Tapei a cara com as mãos. O meu marido, calado nem olhava para ninguém, não sei o que se passava na cabeça dele, mas posso imaginar.

Meu Deus, que vergonha! Devem achar que os portugueses são idiotas!

O meu filho, sempre oportuno:

-Deixa lá mãe, pode ser que eles pensem que somos polacos, as matrículas são parecidas.

No meio daquele pesadelo ainda conseguiu fazer-nos rir.

A nossa sorte foi haver, alguns metros atrás, um armazém de pedras funerárias e outras, mármores, granitos. À porta estavam estátuas de anjinhos, livros, vasos, cruzes, e os bons homens arredaram tudo para o interior, abriram completamente os portões e, dando instruções detalhadas, guiaram o nosso chofer, ao milímetro, até a traseira da caravana entrar no depósito e poder fazer inversão de marcha. Assim saímos daquele entalanço. Creio que nem agradecemos aos homens, que riam a bandeiras despregadas.

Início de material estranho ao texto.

(* For repulsive phi the k-th coefficient of Z(lam) = sum_k lam^k/k! c_k, the
   integral of e^-H over Lam^k, lies in [0, nu(Lam)^k], independently of phi.
   Hence on each disc |lam| <= M all partition functions are bounded by, and
   Lipschitz with, the same constant 2 exp(2 M nu(Lam)), which gives uniform
   equicontinuity.  If moreover |Z(lam0)| >= delta on Phi, the common Lipschitz
   bound keeps |Z| >= delta/2 on a small disc around lam0, and there
   kappa = lam Z(. | x) / Z is a product and quotient of uniformly bounded,
   uniformly Lipschitz functions with denominators bounded below. *)

Section LipschitzWithin.
Context {K : numFieldType}.
Implicit Types (A : set K) (f g : K -> K).

Definition lipschitz_within A (k : K) f :=
  forall x y, A x -> A y -> `|f x - f y| <= k * `|x - y|.

Lemma lipschitz_withinS A B k f :
  A `<=` B -> lipschitz_within B k f -> lipschitz_within A k f.
Proof. by move=> AB fk x y /AB Ax /AB Ay; exact: fk. Qed.

Lemma lipschitz_within_id A : lipschitz_within A 1 id.
Proof. by move=> x y _ _; rewrite mul1r. Qed.

Lemma lipschitz_withinM A f g (kf kg Bf Bg : K) :
  (forall x, A x -> `|f x| <= Bf) -> (forall x, A x -> `|g x| <= Bg) ->
  lipschitz_within A kf f -> lipschitz_within A kg g ->
  lipschitz_within A (kf * Bg + Bf * kg) (fun x => f x * g x).
Proof.
move=> fB gB fk gk x y Ax Ay.
have -> : f x * g x - f y * g y = (f x - f y) * g x + f y * (g x - g y).
  by rewrite mulrBl mulrBr addrA subrK.
apply: le_trans (ler_normD _ _) _; rewrite !normrM mulrDl.
apply: lerD.
  by rewrite mulrAC; apply: ler_pM; [| |exact: fk|exact: gB].
by rewrite -mulrA; apply: ler_pM; [| |exact: fB|exact: gk].
Qed.

Lemma lipschitz_withinV A f k (m : K) : 0 < m -> (forall x, A x -> m <= `|f x|) ->
  lipschitz_within A k f -> lipschitz_within A (k / m ^+ 2) (fun x => (f x)^-1).
Proof.
move=> m_gt0 fm fk x y Ax Ay.
have fx_gt0 := lt_le_trans m_gt0 (fm x Ax); have fy_gt0 := lt_le_trans m_gt0 (fm y Ay).
have fx0 : f x != 0 by rewrite -normr_gt0.
have fy0 : f y != 0 by rewrite -normr_gt0.
have -> : (f x)^-1 - (f y)^-1 = (f y - f x) / (f x * f y).
  by field; rewrite fx0 fy0.
rewrite normrM normrV ?unitfE ?mulf_neq0 // normrM distrC mulrAC.
apply: ler_pM; rewrite ?invr_ge0 ?mulr_ge0 //; first exact: fk.
rewrite lef_pV2 ?posrE ?exprn_gt0 ?mulr_gt0 // expr2.
by apply: ler_pM; [exact: ltW|exact: ltW|exact: fm|exact: fm].
Qed.

Lemma lipschitz_within_norm_ge A f k x0 (m : K) :
  lipschitz_within A k f -> A x0 -> m <= `|f x0| ->
  forall x, A x -> k * `|x - x0| <= m / 2 -> m / 2 <= `|f x|.
Proof.
move=> fk Ax0 fx0 x Ax kx.
rewrite -(lerD2r (m / 2)) -splitr; apply: (le_trans fx0).
rewrite -[f x0](subrK (f x)) addrC; apply: le_trans (ler_normD _ _) _.
by rewrite lerD2l distrC; exact: le_trans (fk x x0 Ax Ax0) kx.
Qed.

End LipschitzWithin.

Lemma normrXB_le {K : numDomainType} (a b M : K) (k : nat) :
  1 <= M -> `|a| <= M -> `|b| <= M ->
  `|a ^+ k - b ^+ k| <= k%:R * M ^+ k * `|a - b|.
Proof.
move=> M_ge1 aM bM; have M_ge0 : 0 <= M := le_trans ler01 M_ge1.
elim: k => [|k IHk]; first by rewrite !expr0 subrr normr0 !mul0r.
have -> : a ^+ k.+1 - b ^+ k.+1 = a * (a ^+ k - b ^+ k) + (a - b) * b ^+ k.
  by rewrite !exprS; ring.
have -> : k.+1%:R * M ^+ k.+1 * `|a - b| =
    M * (k%:R * M ^+ k * `|a - b|) + M * M ^+ k * `|a - b|.
  by rewrite exprS; ring.
apply: le_trans (ler_normD _ _) _; rewrite !normrM normrX.
apply: lerD; first exact: ler_pM.
rewrite mulrC ler_wpM2r // -exprS.
apply: le_trans (ler_weXn2l M_ge1 (leqnSn k)).
by apply: lerXn2r; rewrite ?nnegrE.
Qed.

-Agora já não paro em lugar nenhum até chegar a Génova! - Nem eu queria. Mas parou sim.

Alguns quilómetros depois, numa localidade chamada Bussana, arrancou o espelho lateral a um Volvo, por acaso estacionado encima do passeio. Olhamos um para o outro, estávamos pensando a mesma coisa, apetecia continuar andando, não ligar ao que tinha acontecido.

Já nos imaginávamos fugitivos Itália fora, com a polícia atrás, como bandidos. Era excitante, se não fossem os miúdos…. Parámos. A dona do carro já estava lá, nem parecia muito preocupada. O meu marido só queria saber quanto era, nada de chamar seguros ou polícia, precisamos seguir viagem e ainda havia muito pela frente.

- Quanto custa o espelho? -

- Devo parlare con mio marito - disse. O meu marido responde com um palavrão, baixinho.

- Ora chiamerò il mio meccanico – o mecânico chegou, conferenciaram, e no fim:

- Questo dovrebbe costare 400 mila lire …

…e lá foi o meu marido, à caixa multibanco levantar as 400 mila lire…que é como quem diz, 40 contos. Na altura ainda não havia euros.

Depois tudo correu bem, mesmo que tivéssemos ficado sem gasolina no alto dos Alpes e descido aquelas estradas com curvas e contracurvas deixando o carro ir embalado até Aix -les Bans. Mas eu cantei olarilolela hihi, saltitei nos prados verdes, apanhei florezinhas silvestres, senti-me a Heidi, aos pés do Mont Blanc.

E ainda nos enganamos e fomos parar à Suíça, onde, ao perceber que estávamos enganados ele fez inversão de marcha, bateu num poste com a bandeira desse país, que ficou todo torto e quase a bater na janela de uma casa. Mas aí não nos detivemos, fugimos como danados até sentir que já estávamos na França outra vez, e ainda assim…

De regresso fui despromovida. A minha filha era agora co-piloto. Chegamos a casa sem nos enganarmos nem uma vez.